He said this during the 8th edition of the Sustainable Phosphorus Summit (SPS8) held in Accra, Ghana.

Speaking to Agric Today, Prof. Haygarth said there are a lot of problems in all the continents, but his understanding of the African continent is about optimising soil phosphate use efficiency.

It is about been efficient with the phosphate use and be able to get phosphorus for the farmers to help with crop production.

According to him, the soils of the parts of sub-Sahara Africa are really phosphate deficient, so there is an opportunity to raise an awareness, mobilised phosphorus to get into the soil to enhance production improve livelihood ultimately.

“The use of phosphorus is a complex process in agriculture. Soils have an optimum level of phosphorus and that depends on the chemistry and the geology of the catchment in which you’re working and in this part of Africa, which we’ve just learnt, soils tend to be phosphorus depleted, so there’s not enough phosphorus in the soils to grow the food,” Professor Brian Spears, UK Center for Ecology and Hydrology in
Edinburgh, Scotland explains.

However, he said experiences from other areas of the world tell that if too much phosphorus is put on the soil, the soil loses it. The soil will become saturated; the phosphorus will run off into aquatic ecosystems. So, the challenge for all agriculture not just in Africa, but for all agriculture is to understand the soils and how much fertilizer its needed to add so that there won’t be loss.

“In a country like Ghana, which is reliant on phosphorus imports for fertilizers, it builds resilience in the food system and gives the community some security long term from some volatile fertilizer market price shocks,” he narrowed it to Ghana.

He urged farmers to prioritise soil texting since pollution can empirically be observed but not necessarily soil condition.

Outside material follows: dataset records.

Lemma has_edge_crossing a b c s p q : crossing a b c -> has_edge [:: a, b, c & s] p q ->
  del_edge p q = merged_edge b.2 \/ has_edge (c :: s) p q.
Proof.
move=> cr; have bx := crossing_mid cr; have /and4P[_ /eqP ab /eqP cb _] := cr.
rewrite !has_edge_cons2 => /or3P[||/or3P[||->]]; last by right.
all: by move=> /eqP[-> ->]; left; rewrite /del_edge bx ?orbT ?ab ?cb.
Qed.

Lemma turn_del_col a b s : transverse (b :: s) ->
  turn (col_shift a) (col_shift b) (del_col s) = turn a b s.
Proof.
case: s => [|c s] //= /andP[hc _]; case: (boolP (c.1 == x)) => cx; last first.
  by rewrite del_col_cons (negPf cx) /= !horiz_col_shift.
case: s hc => [|d s]; first by rewrite cx.
move=> /implyP/(_ cx) cr; have /andP[_ dx] := crossing_sides cr.
have /and3P[bc _ bd] := crossing_horiz cr.
by rewrite !del_col_cons cx (negPf dx) /= !horiz_col_shift bc bd.
Qed.

Lemma path_del_col a s : a.1 != x -> path gadj a s -> transverse (a :: s) ->
  path gadj (col_shift a) (del_col s).
Proof.
move: a s; apply: transverse_ind => [//|a b s ha ab hb _ _ IH|a b c s cr hc _ _ IH].
  by rewrite del_col_cons (negPf hb) /= gadj_col_shift.
rewrite !del_col_cons (crossing_mid cr) (negPf hc) /= IH andbT.
by case: (crossing_col_shift cr) => -[-> ->]; last rewrite gadj_sym; apply: gadj_merged_edge.
Qed.

Lemma bends_del_col a s : a.1 != x -> path gadj a s -> transverse (a :: s) ->
  bends (col_shift a :: del_col s) = bends (a :: s).
Proof.
move: a s; apply: transverse_ind => [//|a b s _ _ hb _ tbs IH|a b c s cr hc _ tcs IH].
  by rewrite del_col_cons (negPf hb) !bends_cons2 IH turn_del_col.
rewrite !del_col_cons (crossing_mid cr) (negPf hc) !bends_cons2 IH turn_del_col //.
have /and3P[ab bc ac] := crossing_horiz cr.
rewrite [turn a b _]/turn ab bc add0n.
by case: s {IH tcs} => [|d s] //=; rewrite ac bc.
Qed.

Lemma del_col_edge_hom a s : a.1 != x -> path gadj a s -> transverse (a :: s) ->
  edge_hom del_edge (a :: s) (col_shift a :: del_col s).
Proof.
move: a s; apply: transverse_ind => [//|a b s ha _ hb _ _ IH|a b c s cr hc _ _ IH] p q.
  rewrite del_col_cons (negPf hb) !has_edge_cons2.
  case/or3P=> [/eqP[-> ->]|/eqP[-> ->]|/IH ->]; rewrite ?orbT //.
  - by rewrite /del_edge (negPf ha) (negPf hb) eqxx.
  - by rewrite /del_edge (negPf ha) (negPf hb) eqxx orbT.
rewrite !del_col_cons (crossing_mid cr) (negPf hc).
case/(has_edge_crossing cr) => [->|/IH/has_edge_cons //].
case: (crossing_col_shift cr); rewrite /merged_edge => -[<- <-].
  by rewrite has_edge_cons2 eqxx.
by rewrite has_edge_cons2 eqxx orbT.
Qed.

Lemma undel_edge_col_shift a b : a.1 != x -> b.1 != x -> gadj a b ->
  undel_edge (col_shift a) (col_shift b) = (a, b).
Proof.
move=> ha hb ab; rewrite /undel_edge; case: ifP => [|_]; last by rewrite !col_shiftK.
case: a b ha hb ab => [a1 a2] [b1 b2]; rewrite /gadj /col_shift /merged_edge /=.
by move=> /eqP ha /eqP hb /eqP ab; case: ifP => h1; case: ifP => h2 /=; rewrite !xpair_eqE; lia.
Qed.

Lemma undel_col_edge_hom a s : a.1 != x -> path gadj a s -> transverse (a :: s) ->
  edge_hom undel_edge (col_shift a :: del_col s) (a :: s).
Proof.
move: a s; apply: transverse_ind => [//|a b s ha ab hb _ _ IH|a b c s cr hc _ _ IH] p q.
  rewrite del_col_cons (negPf hb) has_edge_cons2.
  case/or3P=> [/eqP[-> ->]|/eqP[-> ->]|/IH/has_edge_cons //].
  - by rewrite undel_edge_col_shift // has_edge_cons2 eqxx.
  - by rewrite undel_edge_col_shift // 1?gadj_sym // has_edge_cons2 eqxx orbT.
rewrite !del_col_cons (crossing_mid cr) (negPf hc) has_edge_cons2.
case/or3P=> [/eqP[-> ->]|/eqP[-> ->]|/IH/has_edge_cons/has_edge_cons //].
all: case/crossingP: cr => y -> [[-> ->]|[-> ->]]; rewrite col_shift_left col_shift_right.
all: by rewrite /undel_edge /merged_edge /= !eqxx ?orbT /= !has_edge_cons2 !eqxx ?orbT.
Qed.

Lemma gadj_del_edge : gadj_hom del_edge.
Proof.
move=> p q pq; rewrite /del_edge; case: ifP => [_|/norP[hp hq]].
  exact: gadj_merged_edge.
exact: gadj_col_shift.
Qed.

Lemma gadj_undel_edge : gadj_hom undel_edge.
Proof.
move=> [p1 p2] [q1 q2]; rewrite /undel_edge /merged_edge /col_unshift /gadj /= !xpair_eqE.
move=> /eqP pq.
by case: ifP => h; [|case: ifP => h1; case: ifP => h2]; apply/eqP => /=; lia.
Qed.

Lemma transverse_of a s : path gadj a s -> uniq (a :: s) ->
  (forall p q, (p, q) \in zip (a :: s) s -> ~~ horiz p q -> p.1 != x) -> (last a s).1 != x ->
  transverse (a :: s).
Proof.
elim: s a => [|b s IH] a //= /andP[ab pbs] /andP[na ubs] hv hl.
apply/andP; split; last by apply: IH => // p q pq; apply: hv; rewrite in_cons pq orbT.
case: s {IH} pbs na ubs hv hl => [|c s] //= /andP[bc _] na _ hv _.
apply/implyP => bx; apply: crossing_of => //.
- apply/negPn/negP => vab; have e : a.1 == b.1 by rewrite gadj_vertical.
  by have := hv a b (mem_head _ _) vab; rewrite (eqP e) bx.
- apply/negPn/negP => vbc.
  have bc_edge : (b, c) \in zip [:: a, b, c & s] [:: b, c & s] by rewrite !inE eqxx orbT.
  by have := hv b c bc_edge vbc; rewrite bx.
by apply: contraNneq na => ->; rewrite !inE eqxx orbT.
Qed.

Lemma del_col_gpath s : is_gpath s -> x \notin corner_xs s ->
  [/\ is_gpath (del_col s), bends (del_col s) = bends s,
      edge_hom del_edge s (del_col s) & edge_hom undel_edge (del_col s) s].
Proof.
case: s => [//|a s]; rewrite is_gpath_cons => /and3P[sn u pas] hx.
have ax : a.1 != x by apply: contraNneq hx => <-; rewrite mem_head.
have lx : (last a s).1 != x by apply: contraNneq hx => <-; rewrite !inE eqxx orbT.
have tr : transverse (a :: s).
  apply: transverse_of => // p q pq vpq; apply: contraNneq hx => <-.
  by rewrite /corner_xs in_cons (vertical_edge_corner pas pq vpq) orbT.
have dE : del_col (a :: s) = col_shift a :: del_col s by rewrite del_col_cons (negPf ax).
rewrite dE is_gpath_cons -dE del_col_uniq // dE path_del_col // bends_del_col // !andbT.
split=> //; last exact: undel_col_edge_hom.
  apply: (del_col_neq_nil _ lx).
  by case: s sn {pas u tr dE hx lx} => // b t _; rewrite /= mem_last.
exact: del_col_edge_hom.
Qed.

Lemma del_col_family (V : finType) (E : rel V) k (P : V -> seq point) :
  (forall v, x \notin corner_xs (P v)) -> BkEPG E k P ->
  BkEPG E k (fun v => del_col (P v)) /\ (helly P -> helly (fun v => del_col (P v))).
Proof.
move=> hx hP; have D v := del_col_gpath (proj1 (proj1 hP v)) (hx v).
have f_edges v : edge_hom del_edge (P v) (del_col (P v)) by case: (D v).
have g_edges v : edge_hom undel_edge (del_col (P v)) (P v) by case: (D v).
split; last exact: helly_transfer gadj_del_edge gadj_undel_edge f_edges g_edges.
apply: (BkEPG_transfer gadj_del_edge gadj_undel_edge f_edges g_edges) hP => v.
by case: (D v) => ? -> _ _.
Qed.

End ColumnDeletion.

Section GridMap.
Variables (F F' : point -> point) (flip : bool).
Hypotheses (FK : cancel F F') (F'K : cancel F' F).
Hypothesis F_gadj : forall p q, gadj (F p) (F q) = gadj p q.
Hypothesis F_horiz : forall p q, gadj p q -> horiz (F p) (F q) = horiz p q (+) flip.

Lemma path_gadj_map a s : path gadj (F a) (map F s) = path gadj a s.
Proof. by rewrite path_map; apply: eq_path => p q; exact: F_gadj. Qed.

Lemma bends_map a s : path gadj a s -> bends (map F (a :: s)) = bends (a :: s).
Proof.
elim: s a => [|b s IH] a // /andP[ab pbs].
rewrite map_cons map_cons !bends_cons2 -map_cons IH //; congr addn.
case: s pbs {IH} => [|c s] //= /andP[bc _].
by rewrite !F_horiz //; case: flip; case: horiz; case: horiz.
Qed.

Lemma has_edge_map s p q : has_edge (map F s) (F p) (F q) = has_edge s p q.
Proof.
elim: s => [|a [|b s] IH] //.
by rewrite !map_cons has_edge_cons2 -map_cons IH has_edge_cons2 !xpair_eqE !(can_eq FK).
Qed.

“We must test for the soil and that gives the evidence base for the farmers and for the agricultural experts to set that optimum level.

So, it’s critical, soil testing and I know it’s an initiative that’s growing across Africa from our colleagues that are working in agricultural sciences”, he concluded.

To elucidate the Phosphorus (P) action plan for Africa, Prof. Kwame Agyei Frimpong said over the years Africans, who are working in phosphorus ecosystem have been working in silos, however, SPS8 offers as a common platform to converged and work together to advance sustainable phosphorus use to drive food security in Africa.

“We need to have a well-thought through strategy that is very inclusive and takes to account all the important aspect of phosphorus management”, Prof. added.

A roadmap would be developed and benchmark the framework against time; the short term, the medium term and the long-term considering finance issues, policy issues and market development issues.